Sorry, I posted my previous post before I read this. I don't believe in your 'energy' religion either.

Reactions: Agree 2 | Funny 2


----------



## Addison Chloe (Aug 30, 2017)

Ellenantula said:


> I can honestly say I never doubted your sincerity -- just your methods.  And then, my only concern was it involved handling a fast species with a medically significant venom for humans.


 Oh and she's fast, the first night I got her, the next morning I went said hellloo!!! And she ping ponged across that tank, starting from day one I knew I had a bad ass, demanding respect arachnids on my hands, she threw her arms up when I tried to open the door to get her to calm down but I kept it open to let her know I was not a threat, we both stayed frozen for about 25 minutes and finally she out her arms down, I whispered that I would whisper from now one and she turned and went on her way, docile. I have never seen her move fast again, she's never thrown her legs up again, she's only ever seemed to be curious is all. And I have also thought about putting a stick in a glove finger and getting her used to that first, then I wouldn't feel so scared, Kevlar is pretty secure, but again I wouldn't want to it's just a safety idea. I've also thought about when I would do this, it would be alone, but timed out so my fiance would know if anything went too long and I would be in silence and use water, she loves water, like it's hard to explain, she almost tried to bath in it and will get right under in when I spray in there lol so maybe something with water, I will figure a way, and it won't be in the immediate future I assure and maybe all of you will have made an impression and I'll come to the conclusion that she is an observatory friend, but for now I'm dreaming and was asking for help and insight for a dream, that is all, thanks to you for entertaining it, I appreciate you.

Reactions: Funny 3 | Sad 1


----------



## Chris LXXIX (Aug 30, 2017)

This thread is full of 'Mysticism'

Reactions: Agree 2 | Funny 3


----------



## Addison Chloe (Aug 30, 2017)

TyjTheMighty said:


> I'm not trying to mess with your self-esteem. I'm being genuine. When you get bit, please post it.


Oh, thank you for the honest and in sad to say they're won't ever be a bite video, but when she's hanging on me, I'll get pics and hopefully video. You can plan on it.
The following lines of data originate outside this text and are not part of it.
Lemma normalize_lune z : in_lune p q z ->
  fst (f z) ^ 2 + snd (f z) ^ 2 <= 1 /\ (fst (f z) - 1) ^ 2 + snd (f z) ^ 2 <= 1.
Proof.
  intros [Lp Lq].
  assert (Hunit : forall u, dist z u <= D -> dist (f z) (f u) <= 1).
  { intros u Hu. rewrite dist_normalize.
    apply div_in_unit; [lra | split; [apply dist_nonneg | lra]]. }
  pose proof (Hunit p Lp) as F1. pose proof (Hunit q Lq) as F2.
  rewrite normalize_p in F1. rewrite normalize_q in F2.
  pose proof (dist_sq (f z) (0, 0)) as S1. pose proof (dist_sq (f z) (1, 0)) as S2.
  cbn [fst snd] in S1, S2.
  pose proof (dist_nonneg (f z) (0, 0)). pose proof (dist_nonneg (f z) (1, 0)).
  split; nra.
Qed.

Lemma orient_normalize z1 z2 z3 : orient (f z1) (f z2) (f z3) = s * orient z1 z2 z3 / (D * D).
Proof. apply orient_similarity; auto using unit_direction. Qed.

End Normalize.

Lemma normal_chain_normalize m c : convex_chain m c -> chain_in_lune m c -> (3 <= m)%nat ->
  0 < dist (c O) (c (m - 1)%nat) ->
  exists f : point -> point,
    (forall z z', dist (f z) (f z') = dist z z' / dist (c O) (c (m - 1)%nat)) /\
    normal_chain m (fun k => f (c k)).
Proof.
  intros Hconv HL Hm HD.
  assert (Hs : exists s, s * s = 1 /\ forall i j k, (i < j)%nat -> (j < k)%nat -> (k < m)%nat ->
                 s * orient (c i) (c j) (c k) < 0).
  { destruct Hconv as [Hc|Hc]; [exists (-1) | exists 1]; split; try ring;
      intros i j k H1 H2 H3; pose proof (Hc i j k H1 H2 H3); lra. }
  destruct Hs as [s [Hs1 Hs2]].
  set (p := c O) in *. set (q := c (m - 1)%nat) in *.
  set (a := (fst q - fst p) / dist p q). set (b := (snd q - snd p) / dist p q).
  exists (similarity p a b (dist p q) s). split; [exact (dist_normalize p q s HD Hs1)|].
  split; [exact Hm | exact (normalize_p p q s HD) | exact (normalize_q p q s HD) | |].
  - intros k Hk. apply (normalize_lune p q s HD Hs1).
    apply chain_in_lune_vertex; auto; lia.
  - intros i j k H1 H2 H3. rewrite (orient_normalize p q s HD).
    pose proof (Hs2 i j k H1 H2 H3).
    assert (0 < / (dist p q * dist p q)) by (apply Rinv_0_lt_compat; nra).
    unfold Rdiv. nra.
Qed.

Theorem theorem4 (m : nat) (c : nat -> point) :
  convex_chain m c ->
  chain_in_lune m c ->
  stretch_at_most m c (2 * PI / 3).
Proof.
  intros Hconv HL i j Hij Hj. pose proof PI_RGT_0.
  assert (Hnonneg : 0 <= 2 * PI / 3 * dist (c i) (c j))
    by (apply Rmult_le_pos; [lra | apply dist_nonneg]).
  destruct (Nat.eq_dec i j) as [<-|Hne]; [rewrite Nat.sub_diag; exact Hnonneg|].
  destruct (Req_dec (dist (c O) (c (m - 1)%nat)) 0) as [HD|HD].
  { rewrite (subchain_length_collapsed m c i (j - i)) by (auto; lia). exact Hnonneg. }
  pose proof (dist_nonneg (c O) (c (m - 1)%nat)).
  destruct (Compare_dec.le_lt_dec 3 m) as [Hm|Hm].
  - destruct (normal_chain_normalize m c Hconv HL Hm ltac:(lra)) as [f [Hf HN]].
    pose proof (stretch_normal m _ i j HN ltac:(lia) Hj) as B.
    rewrite (subchain_length_map f c _ i (j - i) Hf), Hf in B.
    unfold Rdiv in B. apply Rmult_le_reg_r with (/ dist (c O) (c (m - 1)%nat));
      [apply Rinv_0_lt_compat; lra | lra].
  - assert (i = O /\ j = 1%nat) as [-> ->] by lia. cbn.
    pose proof PI_gt_3. pose proof (dist_nonneg (c O) (c 1%nat)). nra.
Qed.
Reactions: Disagree 1 | Optimistic 2


----------



## MrTwister (Aug 30, 2017)

The help and insight for your dream has been provided. It's a resounding " don't do it". If you choose to ignore this then by all means go play with your pokie. 

*for any new owners, never handle a pokie*

Reactions: Like 2 | Agree 1


----------



## Walker253 (Aug 30, 2017)

Someone's 15 minutes should be up. 22 more posts and there will be a title change. Then expert status will be claimed...
This whole thread is nonsense. Entertaining, but nonsense. It's like watching a train wreck.

Reactions: Like 2 | Agree 6 | Love 1 | Award 1


----------



## Addison Chloe (Aug 30, 2017)

boina said:


> NO. 'Open your minds' doesn't mean throwing everything we DO know out the window and just go with what we believe in. You have absolutely no evidence for all your clamis except that you believe in them. That makes your claims a religion.
> 
> So lets look at this scientifically. Every animal on this planet has "intellectual" abilities that allow it to survive in its environment. Tarantulas most likely are able to learn - up to a point. Let's just pick out one point:
> 
> ...


 Oh @boina, okay wow. I think you have taken my words and made don't assumptions and ran with them so let's clarify please because you are very wrong about me and my thoughts. I never said to "throw everything away we do know out the window and just go with what we believe" when it comes to the scientific perspective, I simply dare to question it. Science is super questionable. Even Darwin's theory of evolution has been disproved, and that is suppose to be super scientific, it's crap and a lie based off his own crazy theories and basis of scewed information and rash generalizations and conclusions. Science will always be debatable, and im not religious and your assumptions ate shallow. Energy is real whether you are shut off to it or not, it's how some animals off bat, like you, or they don't, it's the same with ppl, Why do thunknyou meet some ppl and think they are in my life for a reason, or, I don't like them and i dont know why, I just feel it. Don't live in denial, it's not a religion is the universe,  even the crock Einstein said tgat everything is this universe is made up of energy, tgat also means we are all connected, get on the same energetic wavelength, that's a bond or connection and it can be with a plant, animal or a person. There was an experiment done with 2 identical plants, one was only talked to lovingly,comfortably and positively and it flourished, the other was told, how ugly it was and how no one loved it, and it died only weeks later, that takes belief, it is still true, even though it's hard to comprehend, religion is a lie to get money and control out of people but energy is the fabric that ties all life together and it's undeniable.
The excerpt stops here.